Additional custom RateLimiters can be enabled by implementing the RateLimiter interface and including related jars in the Connect plugin path (same as custom Connectors, SMTs, etc)We do not consider these to be "hard" limits – it's possible to poll() more than task.record.rate.max records in a given second. Instead, we use past record rate to predict how much to stall before the next poll()/put(), and thus approach the limit at steady-state.

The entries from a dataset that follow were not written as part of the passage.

(* Let $R$ be a commutative ring with identity; for $a\in R$ let $\mathfrak{a}=aR$. The following statements are equivalent: (1) $R$ is reduced (has no nonzero nilpotent elements); (2) $a\Gamma_{a}(R)=0$ for all $a\in R$; (3) $(0:_R a)=(0:_R a^{k})$ for all $a\in R$ and all $k\in\mathbb{Z}^{+}$; (4) $\varinjlim_{k}\operatorname{Hom}_R(R/\mathfrak{a}^{k},R)\cong \operatorname{Hom}_R(R/\mathfrak{a},R)$ for all $a\in R$; (5) $\Gamma_{a}(R)\cong \operatorname{Hom}_R(R/\mathfrak{a},R)$ for all $a\in R$; (6) for all $a\in R$, $0\to \Gamma_{a}(R)\to R\to aR\to 0$ is a short exact sequence, where the first map is the inclusion and the second is $r\mapsto ar$.
   Context: For $a\in R$: $\Gamma_{a}(R)=\{r\in R \mid a^{k}r=0 \text{ for some } k\in\mathbb{Z}^{+}\}$, $a\Gamma_{a}(R)=\{ar \mid r\in \Gamma_a(R)\}$, and $(0:_R a^{k})=\{r\in R\mid a^{k}r=0\}$. *)

From mathcomp Require Import all_boot all_algebra.
Set Implicit Arguments. Unset Strict Implicit. Unset Printing Implicit Defensive.
Import GRing.Theory.
Local Open Scope ring_scope.

Section Defs.
Variable R : comPzRingType.

Definition reduced : Prop := forall (x : R) (n : nat), x ^+ n = 0 -> x = 0.

Definition Gamma (a : R) (r : R) : Prop := exists k : nat, (0 < k)%N /\ a ^+ k * r = 0.

Definition ann (a : R) (k : nat) (r : R) : Prop := a ^+ k * r = 0.

Definition pow_ideal (a : R) (k : nat) (x : R) : Prop := exists y : R, x = a ^+ k * y.

(* A set-level presentation of an R-module: an ambient carrier with a
   (setoid) equality, zero, addition, scalar action, and a membership
   predicate cutting out the module. *)
Record Rmod := {
  car : Type;
  req : car -> car -> Prop;
  rzero : car;
  radd : car -> car -> car;
  rscale : R -> car -> car;
  mem : car -> Prop }.

Definition Rmap (M N : Rmod) (f : car M -> car N) : Prop :=
  (forall x, mem x -> mem (f x)) /\
  (forall x y, mem x -> mem y -> req x y -> req (f x) (f y)) /\
  (forall x y, mem x -> mem y -> req (f (radd x y)) (radd (f x) (f y))) /\
  (forall (r : R) x, mem x -> req (f (rscale r x)) (rscale r (f x))).

Definition Riso (M N : Rmod) : Prop :=
  exists f : car M -> car N, Rmap f /\
    (forall x y, mem x -> mem y -> req (f x) (f y) -> req x y) /\
    (forall y, mem y -> exists2 x, mem x & req (f x) y).

Definition short_exact (A B C : Rmod) (f : car A -> car B) (g : car B -> car C)
  : Prop :=
  Rmap f /\ Rmap g /\
  (forall x y, mem x -> mem y -> req (f x) (f y) -> req x y) /\
  (forall z, mem z -> exists2 y, mem y & req (g y) z) /\
  (forall y, mem y -> (req (g y) (rzero C) <-> exists2 x, mem x & req (f x) y)).

Definition subR (P : R -> Prop) : Rmod :=
  {| car := R; req := @eq R; rzero := 0; radd := +%R; rscale := *%R; mem := P |}.

(* Hom_R(R/I, R), identified (via the universal property of the quotient)
   with the R-linear maps R -> R vanishing on the ideal I; pointwise
   operations, extensional equality. *)
Definition hom_quot_mem (I : R -> Prop) (f : R -> R) : Prop :=
  (forall x y, f (x + y) = f x + f y) /\
  (forall r x, f (r * x) = r * f x) /\
  (forall x, I x -> f x = 0).

Definition HomQuot (I : R -> Prop) : Rmod :=
  {| car := R -> R;
     req := fun f g => forall x, f x = g x;
     rzero := fun _ => 0;
     radd := fun f g x => f x + g x;
     rscale := fun r f x => r * f x;
     mem := hom_quot_mem I |}.

(* The transition map Hom_R(R/a^k R, R) -> Hom_R(R/a^m R, R) (k <= m) of the
   direct system: precomposition with the canonical projection
   R/a^m R -> R/a^k R; under the identification above (maps R -> R) this
   projection lifts to the identity of R. *)
Definition hom_trans (k m : nat) (f : R -> R) : R -> R := fun x => f x.

(* The direct limit  lim_k Hom_R(R/a^k R, R): pairs (k, f) with
   f in Hom_R(R/a^k R, R), identified when they agree at some later stage. *)
Definition HomLim (a : R) : Rmod :=
  {| car := (nat * (R -> R))%type;
     req := fun p q => exists m : nat, (p.1 <= m)%N /\ (q.1 <= m)%N /\
              forall x, hom_trans p.1 m p.2 x = hom_trans q.1 m q.2 x;
     rzero := (0%N, fun _ => 0);
     radd := fun p q => (maxn p.1 q.1,
                         fun x => hom_trans p.1 (maxn p.1 q.1) p.2 x
                                + hom_trans q.1 (maxn p.1 q.1) q.2 x);
     rscale := fun r p => (p.1, fun x => r * p.2 x);
     mem := fun p => hom_quot_mem (pow_ideal a p.1) p.2 |}.

End Defs.

From Pilot Require Import Defs.
From mathcomp Require Import all_boot all_algebra.
Local Open Scope ring_scope.
Import GRing.Theory.

(* Everything is reduced to (2): in a reduced ring a^k r = 0 gives (a r)^k = 0,
   hence a r = 0, while x^n = 0 puts 1 in Gamma_x(R).  An R-linear map R -> R
   is multiplication by its value at 1, and one vanishing on aR takes values
   killed by a; so Hom_R(R/aR, R) is killed by a, and so is any module
   isomorphic to it.  Applied to the class of t |-> t r in the direct limit, or
   to r itself in Gamma_a(R), this gives a r = 0 for r in Gamma_a(R). *)

Section Reduced.
Variable R : comPzRingType.
Implicit Types (a c r : R) (I : R -> Prop) (h : R -> R).

Lemma reduced_pow_ann {a r k} : reduced R -> a ^+ k * r = 0 -> a * r = 0.
Proof.
case: k => [|k] red; first by rewrite expr0 mul1r => ->; rewrite mulr0.
by move=> akr; apply: (red _ k.+1); rewrite exprMn [r ^+ _]exprS mulrA akr mul0r.
Qed.

Lemma reducedP : reduced R <-> forall a r, Gamma a r -> a * r = 0.
Proof.
split=> [red a r [k [_ akr]] | GammaP x [|n] xn0].
- exact: reduced_pow_ann red akr.
- by rewrite -[x]mulr1 -(expr0 x) xn0 mulr0.
- by rewrite -[x]mulr1; apply: GammaP; exists n.+1; rewrite mulr1.
Qed.

Lemma GammaMl {a} c {r} : Gamma a r -> Gamma a (c * r).
Proof. by move=> [k [k_gt0 akr]]; exists k; rewrite mulrCA akr mulr0. Qed.

Lemma hom_quot_mulr1 {I h} : hom_quot_mem I h -> forall t, h t = t * h 1.
Proof. by move=> [_ [hM _]] t; rewrite -hM mulr1. Qed.

Lemma hom_quot_mem_mulr I r :
  (forall x, I x -> x * r = 0) -> hom_quot_mem I (fun t => t * r).
Proof.
by move=> Ir; split=> [x y|]; [rewrite mulrDl | split=> [c x|//]; rewrite mulrA].
Qed.

Lemma hom_quot_memZ {I} c {h} :
  hom_quot_mem I h -> hom_quot_mem I (fun t => c * h t).
Proof.
move=> [hD [hM hI]]; split=> [x y|]; first by rewrite hD mulrDr.
by split=> [r x|x /hI ->]; rewrite ?mulr0 // hM mulrCA.
Qed.

Lemma hom_quot_pow_ann {a k h} :
  hom_quot_mem (pow_ideal a k) h -> forall t, a ^+ k * h t = 0.
Proof. by move=> hm t; case: (hm) => [_ [<- ->]] //; exists t. Qed.

(* Compared with [rscale 0 x] rather than [rzero M]: an [Rmap] need not send
   [rzero] to [rzero]. *)
Lemma Riso_HomQuot_scale {M : Rmod R} {a} (x : car M) :
  Riso M (HomQuot (pow_ideal a 1)) ->
  Defs.mem x -> Defs.mem (rscale a x) -> Defs.mem (rscale 0 x) ->
  req (rscale a x) (rscale 0 x).
Proof.
move=> [f [[fmem [_ [_ fZ]]] [finj _]]] Mx Max M0x.
apply: finj => // t; rewrite (fZ _ _ Mx t) (fZ _ _ Mx t) /= mul0r.
by rewrite -(expr1 a); apply: hom_quot_pow_ann (fmem _ Mx) t.
Qed.

Lemma reduced_iff_ann_pow :
  reduced R <-> forall a k, (0 < k)%N -> forall r, ann a 1 r <-> ann a k r.
Proof.
split=> [/reducedP GammaP a [|k] // _ r | annP].
  rewrite /ann expr1; split=> [ar0 | akr]; last by apply: GammaP; exists k.+1.
  by rewrite exprSr -mulrA ar0 mulr0.
apply/reducedP => a r [k [k_gt0 akr]].
by have /(_ r) [_] := annP a k k_gt0; rewrite /ann expr1; apply.
Qed.

Lemma HomLim_Riso_HomQuot a :
  reduced R -> Riso (HomLim a) (HomQuot (pow_ideal a 1)).
Proof.
move=> red; exists snd; split; [split; [|split; [|split]] | split].
- move=> [k h] /= hm; have [hD [hM _]] := hm; split=> //; split=> // _ [y ->].
  rewrite expr1 (hom_quot_mulr1 hm) -mulrA mulrCA.
  by rewrite (reduced_pow_ann red (hom_quot_pow_ann hm 1)) mulr0.
- by move=> [k f] [l g] _ _ [m [_ [_ fg]]].
- by [].
- by [].
- by move=> [k f] [l g] _ _ fg; exists (maxn k l); rewrite leq_maxl leq_maxr.
- by move=> h hm; exists (1%N, h).
Qed.

Lemma HomLim_Riso_Gamma_ann a r :
  Riso (HomLim a) (HomQuot (pow_ideal a 1)) -> Gamma a r -> a * r = 0.
Proof.
move=> iso [k [_ akr]].
have hr : hom_quot_mem (pow_ideal a k) (fun t => t * r).
  by apply: hom_quot_mem_mulr => _ [y ->]; rewrite mulrAC akr mul0r.
have [m [_ [_ ar0]]] := Riso_HomQuot_scale (M := HomLim a)
  (k, fun t => t * r) iso hr (hom_quot_memZ a hr) (hom_quot_memZ 0 hr).
by have := ar0 1; rewrite /hom_trans /= !mul1r mul0r.
Qed.

Lemma Gamma_Riso_HomQuot a :
  reduced R -> Riso (subR (Gamma a)) (HomQuot (pow_ideal a 1)).
Proof.
move=> /reducedP GammaP; exists (fun r t => t * r).
split; [split; [|split; [|split]] | split].
- move=> r /= ga; apply: hom_quot_mem_mulr => _ [y ->].
  by rewrite expr1 mulrAC (GammaP _ _ ga) mul0r.
- by move=> r s _ _ ->.
- by move=> r s _ _ t /=; rewrite mulrDr.
- by move=> c r _ t /=; rewrite mulrCA.
- by move=> r s _ _ /(_ 1); rewrite !mul1r.
- move=> h hm; exists (h 1); last by move=> t /=; rewrite -(hom_quot_mulr1 hm).
  by exists 1%N; split=> //; apply: hom_quot_pow_ann hm 1.
Qed.

Lemma Gamma_Riso_Gamma_ann a r :
  Riso (subR (Gamma a)) (HomQuot (pow_ideal a 1)) -> Gamma a r -> a * r = 0.
Proof.
move=> iso ga.
have /= := Riso_HomQuot_scale (M := subR (Gamma a)) r iso ga
  (GammaMl a ga) (GammaMl 0 ga).
by rewrite mul0r.
Qed.

Lemma Gamma_short_exact a : reduced R ->
  short_exact (A := subR (Gamma a)) (B := subR (fun _ => True))
              (C := subR (pow_ideal a 1)) (fun r => r) (fun r => a * r).
Proof.
move=> /reducedP GammaP; split=> //.
split; [split; [|split; [|split]] | split].
- by move=> y _; exists y; rewrite expr1.
- by move=> r s _ _ ->.
- by move=> r s _ _ /=; rewrite mulrDr.
- by move=> c r _ /=; rewrite mulrCA.
- by [].
split=> [_ [y ->] | y _]; first by exists y; rewrite ?expr1.
split=> [ay0 | [r ga <-]]; last exact: GammaP.
by exists y => //; exists 1%N; rewrite expr1.
Qed.

Lemma short_exact_Gamma_ann a r :
  short_exact (A := subR (Gamma a)) (B := subR (fun _ => True))
              (C := subR (pow_ideal a 1)) (fun r => r) (fun r => a * r) ->
  Gamma a r -> a * r = 0.
Proof. by move=> [_ [_ [_ [_ ker_im]]]] ga; apply/(ker_im r I).2; exists r. Qed.

End Reduced.

Theorem mainTheorem3 (R : comPzRingType) :
  let s1 := reduced R in
  let s2 := forall (a r : R), Gamma a r -> a * r = 0 in
  let s3 := forall (a : R) (k : nat), (0 < k)%N ->
              forall r : R, ann a 1 r <-> ann a k r in
  let s4 := forall a : R, Riso (HomLim a) (HomQuot (pow_ideal a 1)) in
  let s5 := forall a : R, Riso (subR (Gamma a)) (HomQuot (pow_ideal a 1)) in
  let s6 := forall a : R,
      short_exact (A := subR (Gamma a)) (B := subR (fun _ => True))
                  (C := subR (pow_ideal a 1)) (fun r => r) (fun r => a * r) in
  [/\ s1 <-> s2, s1 <-> s3, s1 <-> s4, s1 <-> s5 & s1 <-> s6].
Proof.
move=> s1 s2 s3 s4 s5 s6; split; [exact: reducedP | exact: reduced_iff_ann_pow | ..].
- split=> [red a | iso]; first exact: HomLim_Riso_HomQuot.
  by apply/reducedP => a r; apply: HomLim_Riso_Gamma_ann.
- split=> [red a | iso]; first exact: Gamma_Riso_HomQuot.
  by apply/reducedP => a r; apply: Gamma_Riso_Gamma_ann.
- split=> [red a | ex]; first exact: Gamma_short_exact.
  by apply/reducedP => a r; apply: short_exact_Gamma_ann.
Qed.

Compatibility, Deprecation, and Migration Plan

...

The proposed rate limiting will not step on the existing backoff/retry mechanism for failures, though these may interact to some degree. For example (an extreme case), if a SinkTask is limited to one put batch per hour, this will supersede a backoff/retry max delay of 1 minute.

Future Work

These changes will help us operate Connect at scale, but additional work is required to ensure QoS in centralized Connect clusters. Some ideas here:

• limit throughput in terms of bytes
• limit other API method call rate (flush, commit, etc)
• prioritize some tasks over others
• stall source tasks that return zero records
• Connector-wide and cluster-wide limits

Rejected Alternatives

• We could attempt to rate-limit throughput based on bytes instead of record count. This would be more immediately useful for operating Connect, but there are some thorny issues with tracking byterate, since Connect doesn’t have any view into the actual bytes sent to external systems. We anticipate that future work will address this. In the meantime, record rate is a good proxy for overall throughput.
• We could introduce an SMT to provide rate-limiting without modifying the Worker. This is slightly less user-friendly and limits what we can expose via metrics. For example, we want to ensure that `throttled-ratio` is emitted even if a rate-limiting SMT is not enabled for some Connector. Additionally, any pauses introduced via SMTs would be additive, but a collection of RateLimiters should only sleep by the max throttleTime returned from each RateLimiter.
• We could enforce limits across an entire Connector, instead of on a per-Task basis. This would require more coordination between Tasks than exists today. Given that tasks.max is already required, we think it is reasonable to expect an operator to multiply per-task limits by tasks.max to arrive at an approximate Connector-wide limit. However, we acknowledge that future work could make this friendlier.
• We could divide these limits by the number of actual tasks in a Connector in order to approximate Connector-wide limits. For example, a limit of 100 records/second with 20 tasks could yield 5 records/second per task. However, this assumes that workloads are perfectly balanced across tasks, which is often not the case in practice. So instead, we don’t address Connector-wide limits for now, with the expectation that task-level limits are good enough. Again, we acknowledge that future work could improve this.
• We could leverage the existing Connector and Task state machine to automatically pause Connectors or Tasks that overstep a limit. However, we feel this is way too heavy-handed for throttling at high-frequency.
• We could throttle at very low frequency, e.g. by pausing a task for a long period of time if it oversteps a limit. This helps mitigate bad-behaving Tasks, but does not help us control the throughput of well-behaving Tasks operating near some external quota.
• We could just use broker quotas to limit throughput. However, broker quotas are meant to protect throughput to/from a specific broker, not an entire external system. It’s much easier to reason about limiting bytes between Sources and Sinks.
• We could build backpressure and rate limiting into every Connector implementation we operate. This would work, but we feel all Connectors should benefit from these features out-of-the-box.
• We could drop the pluggable interface. This was my plan at first, but we foresee the need to implement custom RateLimiters, e.g. to better integrate with external control planes, or to provide more dynamic or adaptive rate limiting.